Colorado Strengthens Its Smokefree Workplace Law
New Marijuana Public Use Law May Roll Back Some of those Protections
First the good news: The Colorado legislature passed HB1076 to close several key gaps in the state’s Clean Indoor Air Act that was adopted in 2006. The new law eliminates exemptions that have allowed smoking in small workplaces, hotels, and long-term care facilities. It also prohibits the use of electronic smoking devices in smokefree venues. The law has been signed by the governor and will take effect July 1, 2019.

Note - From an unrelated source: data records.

Lemma err_pi_Mact g : err_pi pi (Mact M g) = err_pi pi g.
Proof.
rewrite /err_pi /Mact; under eq_bigr => i _ do rewrite big_distrr.
rewrite exchange_big /=; apply: eq_bigr => j _.
by rewrite -(proj2 (proj2 Hpi) j) big_distrl /=; apply: eq_bigr => i _ /=; ring.
Qed.

Lemma err_pi_Msum m g : err_pi pi (Msum M m g) = INR m.+1 * err_pi pi g.
Proof.
elim: m => [|m IH].
  by rewrite /= Rmult_1_l; apply: eq_bigr => i _; rewrite Msum0.
have -> : err_pi pi (Msum M m.+1 g) = err_pi pi g + err_pi pi (Mact M (Msum M m g)).
  by rewrite /err_pi -big_split; apply: eq_bigr => i _ /=; rewrite MsumS; ring.
by rewrite err_pi_Mact IH [INR m.+2]S_INR; ring.
Qed.

(* Martingale decomposition of [sum_(t <= n) g (s t)]: the head is centered under [pi],
   the [i]-th increment under the row [M x]. *)
Definition mart_head n g x := Msum M n g x - err_pi pi (Msum M n g).
Definition mart_incr n g (i : nat) x y :=
  Msum M (n - i.+1) g y - Mact M (Msum M (n - i.+1) g) x.

Lemma sum_path_mart_decomp n g (s : {ffun 'I_n.+1 -> 'I_Z}) :
  \big[Rplus/0]_(t : 'I_n.+1) g (s t) - INR n.+1 * err_pi pi g =
  mart_head n g (s ord0) + \big[Rplus/0]_(i < n) mart_incr n g i (s (inord i)) (s (inord i.+1)).
Proof.
rewrite S_INR; set ss := fun k : nat => s (inord k).
have incrE (i : 'I_n) : mart_incr n g i (ss i) (ss i.+1) =
    (Msum M (n - i.+1) g (ss i.+1) - Msum M (n - i) g (ss i)) + g (ss i).
  by rewrite /mart_incr -(subnSK (ltn_ord i)) MsumS; ring.
rewrite (eq_bigr _ (fun i _ => incrE i)) big_split /=.
rewrite (Rsum_telescope (fun i => Msum M (n - i) g (ss i))) subnn subn0 Msum0.
rewrite (eq_bigr (fun t : 'I_n.+1 => g (ss t))) => [|t _]; last by rewrite /ss inord_val.
rewrite big_ord_recr /= /mart_head err_pi_Msum.
have -> : s ord0 = ss 0%N by rewrite /ss; congr (s _); apply: val_inj; rewrite /= inordK.
rewrite S_INR; ring.
Qed.

Lemma path_mgf_le n g a r lam : 0 <= r -> band g a r -> 0 <= lam ->
  \big[Rplus/0]_(s : {ffun 'I_n.+1 -> 'I_Z})
     (path_prob M pi s * exp (lam * (\big[Rplus/0]_(t : 'I_n.+1) g (s t) - INR n.+1 * err_pi pi g)))
  <= exp (lam ^ 2 * (r * INR N0 / (INR Z * delta)) ^ 2 / 8) ^ n.+1.
Proof.
move=> r0 gb lam0.
have Msum_band m := band_Msum m r0 gb.
rewrite (eq_bigr (path_weight (fun x => pi x * exp (lam * mart_head n g x))
    (fun i x y => M x y * exp (lam * mart_incr n g i x y)))); last first.
  move=> s _; rewrite sum_path_mart_decomp path_prob_weight -path_weight_mul; congr Rmult.
  by rewrite /path_weight Rmult_plus_distr_l exp_plus big_distrr (big_morph _ exp_plus exp_0).
apply: sum_path_weight_le.
- by move=> x; apply: Rmult_le_pos; [exact: (proj1 Hpi) | apply/Rlt_le/exp_pos].
- by move=> t x y; apply: Rmult_le_pos; [exact: (proj1 HM) | apply/Rlt_le/exp_pos].
- have [a' b'] := Msum_band n.
  exact: hoeffding_centered (proj1 Hpi) (proj1 (proj2 Hpi)) b' lam0.
- move=> t x; have [a' b'] := Msum_band (n - t.+1)%N.
  exact: hoeffding_centered (proj1 HM x) (proj2 HM x) b' lam0.
- exact/Rlt_le/exp_pos.
Qed.
(* Proof by the first moment method.  Fix an integer K > 1/eps and call a
   nonempty graph on at most M = 2K + 10 vertices dense if
   5 K v <= (2 K + 4) e.  Deterministic part: a graph G without dense
   subgraphs has no such chain.  First, a K4-tiled graph can be grown from one
   K4 by adding copies that share an edge with the current union; each step
   adds at most two vertices and keeps phi >= 0 (tile_step), so a piece with
   more than B = K + 4 vertices would contain a subgraph with B+1 or B+2
   vertices and phi >= 0, which is dense (tiled_crossing, tiled_small).  Then
   the prefix unions of a chain keep 5 v <= 2 e + 2 and at most B vertices,
   and attaching the last piece yields 5 v < 2 e on at most 2B vertices, a
   dense subgraph (chain_contradiction, no_bad_chain).  Probabilistic part: a
   dense F has p^e(F) <= n^-(eps/5) n^-v(F), and there are at most 2^(2^M)
   graphs on each vertex set, so the union bound gives
   P(G has a dense subgraph) <= 2^(2^M) e n^-(eps/5) -> 0
   (gnp_no_bad_chain_ge, cvg_to_one_powR). *)

From HB Require Import structures.
From mathcomp Require Import all_boot all_order all_algebra.
From mathcomp Require Import all_classical all_reals all_analysis.
From mathcomp Require Import fintype finset zify lra.
Import Order.TTheory GRing.Theory Num.Theory numFieldNormedType.Exports.
Set Implicit Arguments. Unset Strict Implicit. Unset Printing Implicit Defensive.

Lemma vertsP n (F : {set {set 'I_n}}) x :
  reflect (exists2 e, e \in F & x \in e) (x \in verts F).
Proof. exact: bigcupP. Qed.

Lemma edge_sub_verts n (F : {set {set 'I_n}}) e : e \in F -> e \subset verts F.
Proof. by move=> eF; apply/subsetP => x xe; apply/vertsP; exists e. Qed.

Lemma verts0 n : verts (set0 : {set {set 'I_n}}) = set0.
Proof. exact: big_set0. Qed.

Lemma vertsU n (F1 F2 : {set {set 'I_n}}) : verts (F1 :|: F2) = verts F1 :|: verts F2.
Proof. exact: bigcup_setU. Qed.

Lemma verts_mono n (F1 F2 : {set {set 'I_n}}) :
  F1 \subset F2 -> verts F1 \subset verts F2.
Proof.
move=> /subsetP sF; apply/subsetP => x /vertsP[e eF xe].
by apply/vertsP; exists e; rewrite ?sF.
Qed.

Lemma phi_ge n (H : {set {set 'I_n}}) (c : nat) :
  (c%:Z <= phi H)%R -> (5 * #|verts H| + c <= 2 * #|H| + 8)%N.
Proof. by rewrite /phi; move: #|verts H| #|H| => v e; lia. Qed.

Lemma glue_counts n (U H : {set {set 'I_n}}) :
  [disjoint U & H] -> (0 < #|verts U :&: verts H|)%N ->
  #|U :|: H| = (#|U| + #|H|)%N /\
  (#|verts (U :|: H)| < #|verts U| + #|verts H|)%N.
Proof.
move=> UH shared; rewrite cardsU (disjoint_setI0 UH) cards0 subn0; split => //.
by rewrite vertsU -cardsUI -addn1 leq_add2l.
Qed.

Lemma card_clique_edges n (Q : {set 'I_n}) : #|clique_edges Q| = 'C(#|Q|, 2).
Proof. by rewrite -cards_draws; apply: eq_card => e; rewrite !inE andbC. Qed.

Lemma clique_edge_sub n (Q : {set 'I_n}) e : e \in clique_edges Q -> e \subset Q.
Proof. by rewrite inE => /andP[]. Qed.

Lemma verts_clique_edges n (Q : {set 'I_n}) :
  (2 <= #|Q|)%N -> verts (clique_edges Q) = Q.
Proof.
move=> Q2; apply/setP => x; apply/vertsP/idP => [[e /clique_edge_sub/subsetP]|xQ].
  by apply.
have [y /setD1P[yx yQ]] : exists y, y \in Q :\ x.
  by apply/set0Pn; rewrite -card_gt0; move: Q2; rewrite (cardsD1 x Q) xQ.
exists [set x; y]; last by rewrite !inE eqxx.
by rewrite !inE cards2 (eq_sym x y) yx subUset !sub1set xQ yQ.
Qed.

Definition tile_verts n (S : {set {set 'I_n}}) : {set 'I_n} := \bigcup_(Q in S) Q.
Definition tile_edges n (S : {set {set 'I_n}}) : {set {set 'I_n}} :=
  \bigcup_(Q in S) clique_edges Q.

Lemma tile_edge_sub n (S : {set {set 'I_n}}) e :
  e \in tile_edges S -> e \subset tile_verts S.
Proof.
case/bigcupP=> Q QS /clique_edge_sub/subsetP eQ.
by apply/subsetP => x /eQ xQ; apply/bigcupP; exists Q.
Qed.

Lemma verts_tile_edges n (S : {set {set 'I_n}}) :
  (forall Q, Q \in S -> 2 <= #|Q|)%N -> verts (tile_edges S) = tile_verts S.
Proof.
move=> S2; apply/setP => x; apply/idP/idP => [/vertsP[e /tile_edge_sub/subsetP]|].
  by apply.
case/bigcupP=> Q QS; rewrite -(verts_clique_edges (S2 _ QS)) => /vertsP[e eQ xe].
by apply/vertsP; exists e => //; apply/bigcupP; exists Q.
Qed.

(* Adding a new K4 that meets the current vertex set in b >= 2 vertices
   adds 4 - b <= 2 vertices and at least 6 - C(b,2) edges; since
   5 (4 - b) <= 2 (6 - C(b,2)) for b in {2,3,4}, the bound 5 v <= 2 e + 8
   (i.e. phi >= 0) is preserved. *)
Lemma tile_step n (S : {set {set 'I_n}}) (Q : {set 'I_n}) :
  #|Q| = 4 -> Q \notin S -> (2 <= #|Q :&: tile_verts S|)%N ->
  (5 * #|tile_verts S| <= 2 * #|tile_edges S| + 8)%N ->
  (5 * #|tile_verts (Q |: S)| <= 2 * #|tile_edges (Q |: S)| + 8)%N /\
  (#|tile_verts (Q |: S)| <= #|tile_verts S| + 2)%N.
Proof.
move=> Q4 QS b2 sparse.
have -> : tile_verts (Q |: S) = Q :|: tile_verts S by rewrite /tile_verts big_setU1.
have -> : tile_edges (Q |: S) = clique_edges Q :|: tile_edges S.
  by rewrite /tile_edges big_setU1.
have cV := cardsUI Q (tile_verts S).
have cE := cardsUI (clique_edges Q) (tile_edges S).
have old_edges :
    clique_edges Q :&: tile_edges S \subset clique_edges (Q :&: tile_verts S).
  apply/subsetP => e /setIP[]; rewrite !inE => /andP[-> eQ] /tile_edge_sub eS.
  by rewrite subsetI eQ.
have old_le := subset_leq_card old_edges.
have b4 : (#|Q :&: tile_verts S| <= 4)%N by rewrite -Q4 subset_leq_card ?subsetIl.
rewrite !card_clique_edges Q4 in cV cE old_le.
move: #|Q :&: tile_verts S| b2 b4 cV old_le => b b2 b4 cV old_le.
have Cb : (5 * (4 - b) <= 2 * (6 - 'C(b, 2)))%N /\ ('C(b, 2) <= 6)%N.
  by case: b b2 b4 {cV old_le} => [|[|[|[|[|b]]]]].
have C6 : 'C(4, 2) = 6 by [].
lia.
Qed.
(* Every U(1)-invariant operation $\mathcal{E}$ on $\mathcal{H}'$ admits a Kraus decomposition $\{K_{k,\alpha}\}$, with $k\in\mathbb{Z}$ and $\alpha$ an integer (multiplicity) index, such that $$K_{k,\alpha}=S_k\tilde K_{k,\alpha},\qquad \tilde K_{k,\alpha}=\sum_{n}c^{(k,\alpha)}_n|n\rangle\langle n|,\qquad S_k=\sum_{n=\max\{0,-k\}}^{\infty}|n+k\rangle\langle n|,$$ for some complex coefficients $c_n^{(k,\alpha)}$. Thus $\tilde K_{k,\alpha}$ changes the relative amplitudes of the number states (possibly eliminating some) and $S_k$ shifts the number upward by $k$ (downward by $|k|$ if $k<0$). The coefficients satisfy $\sum_{k,\alpha}|c_n^{(k,\alpha)}|^2\le 1$ for all $n$, with equality for all $n$ if $\mathcal{E}$ is trace-preserving.
   Context: Let $\mathcal{H}'$ be the Hilbert space with orthonormal basis $\{|n\rangle: n=0,1,2,\dots\}$, let $\hat N=\sum_n n|n\rangle\langle n|$, and let U(1) act by $T(\phi)=e^{i\phi\hat N}$, $\phi\in[0,2\pi)$. A U(1)-invariant operation is a completely positive, trace-nonincreasing linear map $\mathcal{E}$ on (trace-class) operators on $\mathcal{H}'$ such that $\mathcal{E}(T(\phi)XT(\phi)^\dagger)=T(\phi)\mathcal{E}(X)T(\phi)^\dagger$ for all $\phi$ and all $X$. A Kraus decomposition of $\mathcal{E}$ is a family of operators $\{K_i\}$ with $\mathcal{E}(X)=\sum_iK_iXK_i^\dagger$. *)

From Stdlib Require Import Reals ZArith List Lia Lra.
From Coquelicot Require Import Coquelicot.
Open Scope R_scope.

Definition lsum {I : Type} (f : I -> C) (F : list I) : C :=
  fold_right Cplus (RtoC 0) (map f F).

(* [has_sum f s]: the net of finite partial sums of f converges to s
   (sum over finite subsets of I, directed by inclusion).  For complex
   families this is equivalent to absolute summability. *)
Definition has_sum {I : Type} (f : I -> C) (s : C) : Prop :=
  forall eps : R, 0 < eps ->
    exists F0 : list I, forall F : list I,
      NoDup F -> incl F0 F -> Cmod (Cminus (lsum f F) s) < eps.

Definition is_l2 (psi : nat -> C) (r : R) : Prop :=
  0 <= r /\ has_sum (fun n => RtoC (Cmod (psi n) ^ 2)) (RtoC (r ^ 2)).

(* Operators are represented by their matrix elements  X m n = <m|X|n>. *)
Definition op := nat -> nat -> C.

(* Trace-class (= nuclear) operators: X = sum_i |u_i><v_i| with
   sum_i ||u_i|| ||v_i|| < oo (matrix elements converge). *)
Definition trace_class (X : op) : Prop :=
  exists (u v : nat -> nat -> C) (nu nv : nat -> R) (t : C),
    (forall i, is_l2 (u i) (nu i) /\ is_l2 (v i) (nv i)) /\
    has_sum (fun i => RtoC (nu i * nv i)) t /\
    forall m n, has_sum (fun i => Cmult (u i m) (Cconj (v i n))) (X m n).

Definition has_trace (X : op) (t : C) : Prop := has_sum (fun n => X n n) t.

Fixpoint fsum (N : nat) (f : nat -> C) : C :=
  match N with
  | O => RtoC 0
  | S N' => Cplus (fsum N' f) (f N')
  end.

(* Positivity of a d x d block operator (an operator on C^d (x) H'):
   <psi, X psi> is real and >= 0 for every psi (finitely supported vectors
   suffice, being dense and the form being continuous for trace-class X). *)
Definition psd_block (d : nat) (Xb : nat -> nat -> op) : Prop :=
  forall (psi : nat -> nat -> C) (N : nat),
    (forall i m, (N <= m)%nat -> psi i m = RtoC 0) ->
    exists r : R, 0 <= r /\
      fsum d (fun i => fsum d (fun j => fsum N (fun m => fsum N (fun n =>
        Cmult (Cmult (Cconj (psi i m)) (Xb i j m n)) (psi j n))))) = RtoC r.

Definition positive (X : op) : Prop := psd_block 1 (fun _ _ => X).

Definition op_add (X Y : op) : op := fun m n => Cplus (X m n) (Y m n).
Definition op_scale (a : C) (X : op) : op := fun m n => Cmult a (X m n).

Definition is_operation (E : op -> op) : Prop :=
  (forall X, trace_class X -> trace_class (E X)) /\
  (forall (a : C) X Y, trace_class X -> trace_class Y ->
     forall m n, E (op_add (op_scale a X) Y) m n
                 = Cplus (Cmult a (E X m n)) (E Y m n)) /\
  (forall (d : nat) (Xb : nat -> nat -> op),
     (forall i j, (i < d)%nat -> (j < d)%nat -> trace_class (Xb i j)) ->
     psd_block d Xb -> psd_block d (fun i j => E (Xb i j))) /\
  (forall X t t', trace_class X -> positive X ->
     has_trace X t -> has_trace (E X) t' -> Re t' <= Re t).

Definition trace_preserving (E : op -> op) : Prop :=
  forall X t, trace_class X -> has_trace X t -> has_trace (E X) t.

Definition expi (x : R) : C := (cos x, sin x).

(* T(phi) X T(phi)^dagger : matrix elements e^{i phi m} X m n e^{-i phi n} *)
Definition conjT (phi : R) (X : op) : op :=
  fun m n => Cmult (Cmult (expi (phi * INR m)) (X m n)) (Cconj (expi (phi * INR n))).

Definition U1_invariant (E : op -> op) : Prop :=
  forall phi, 0 <= phi < 2 * PI ->
    forall X, trace_class X -> forall m n, E (conjT phi X) m n = conjT phi (E X) m n.

Definition shift (k : Z) : op :=
  fun m n => if Z.eqb (Z.of_nat m) (Z.of_nat n + k)%Z then RtoC 1 else RtoC 0.

Definition diag (c : nat -> C) : op :=
  fun m n => if Nat.eqb m n then c n else RtoC 0.

(* S_k * diag c : the product has a single nonzero term in the inner sum,
   <m|S_k diag(c)|n> = <m|S_k|n> c_n. *)
Definition shift_diag (k : Z) (c : nat -> C) : op :=
  fun m n => Cmult (shift k m n) (c n).

Definition sandwich (K X Y : op) : Prop :=
  forall p q, has_sum (fun mn : nat * nat =>
      Cmult (Cmult (K p (fst mn)) (X (fst mn) (snd mn))) (Cconj (K q (snd mn))))
    (Y p q).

The Bad News: Colorado also enacted HB1230, the “Marijuana Hospitality Establishments” law, which allows for smoking marijuana in food service establishments if certain criteria are met (see below). The marijuana law goes into effect 90 days after the session ends. According to the Colorado legislature’s website, the session adjourned on May 3, which means that the marijuana law will go into effect August 2 and new licenses could be issued as early as January 2020. Localities have the authority to take a stand for community health by not opting in to the law, or at the very least, not allowing for marijuana smoking in marijuana hospitality establishments within their jurisdictions.
As a result of the new marijuana law, Colorado will become the first state to lose its statewide smokefree restaurant status on ANR Foundation’s lists and maps once this new law takes effect. Public health advocates in other states that have legalized marijuana should begin planning for this type of marijuana industry strategy that promotes marijuana smoking spaces, if they haven’t done so already.
Details: The new law will allow smoking and vaping of marijuana in food service workplaces that are open to people age 21+ where alcohol is not served. This means that more marijuana businesses may add food service, and more food service businesses may consider prohibiting minors, giving up alcohol sales, and instead becoming indoor marijuana smoking and vaping establishments.
There does not seem to be any requirement in the law for these “marijuana hospitality businesses” to be in a free-standing building, or a requirement that smoke not infiltrate other areas. The law does not limit the number of marijuana smoking establishments or where they are located. We also did not see a provision preventing marijuana hospitality license holders or their companies from holding alcohol licenses for other venues. This may lead to more hospitality workers exposed to secondhand smoke and renormalizing smoking in hospitality venues. In several states, the marijuana industry has pushed for ventilation as the solution to marijuana smoke pollution, but this is another tactic borrowed from Big Tobacco. No amount of ventilation can adequately protect the public from the health hazards of breathing secondhand marijuana or tobacco smoke. The only known way to reduce the risks associated with secondhand smoke is with a 100% smokefree environment.
Implications: It took decades of effort for Colorado to achieve its statewide smokefree restaurant law that took effect in 2007. The smokefree law has protected a generation of residents, but is now being swept away.
Tobacco giant Altria has been investing billions of dollars into the marijuana business.
Tobacco giant Altria has been investing billions of dollars into the marijuana business. Increasingly, Big Tobacco = Big Marijuana. Altria worked for years to undermine local and statewide smokefree efforts in Colorado through schemes such as the Philip Morris Colorado Options program. Altria’s goal was to maintain the social acceptability of smoking inside hospitality venues and to enable product consumption. This bill would seem to help them move in that direction.
There is a parallel concern between tobacco control preemption and emerging marijuana laws. In the past, it took a while for health groups to recognize preemption as an industry tactic and to unify in opposition in order to protect local control and expand smokefree protections. Today, we see an urgent need for public health to discuss strategies to protect people from secondhand marijuana smoke in this evolving policy area. Just as preemption language may be tucked into unrelated legislation, rollbacks to smokefree protections and norms related to marijuana are coming in separate legislation such as this Colorado bill, and via local and state marijuana control board rulemaking designed to limit input or expertise from tobacco control program experts. Health groups will need to prepare to defend smokefree protections against a variety of attacks.
ANR encourages local governments in Colorado to protect public health by either not opting in to this marijuana industry sponsored law or not allowing marijuana smoking in cannabis consumption clubs locally.
Regardless of how one feels about marijuana use, it should not be used in ways that harm other people.
BOTTOM LINE: SMOKE IS SMOKE
Secondhand marijuana smoke is a health hazard for nonsmokers. While there isn’t (yet) the same volume of research as with secondhand tobacco smoke, there is sufficient data to affirm that secondhand marijuana smoke creates a serious health risk to nonsmokers. Just like secondhand tobacco smoke, marijuana smoke is a potent source of PM 2.5 fine particulate matter, which is hazardous regardless of source including wildfires and air pollution. Marijuana secondhand smoke impacts cardiovascular function and it contains thousands of chemicals and at least 33 carcinogens. In short, it isn’t “safe” and is not a substitute for breathing clean air.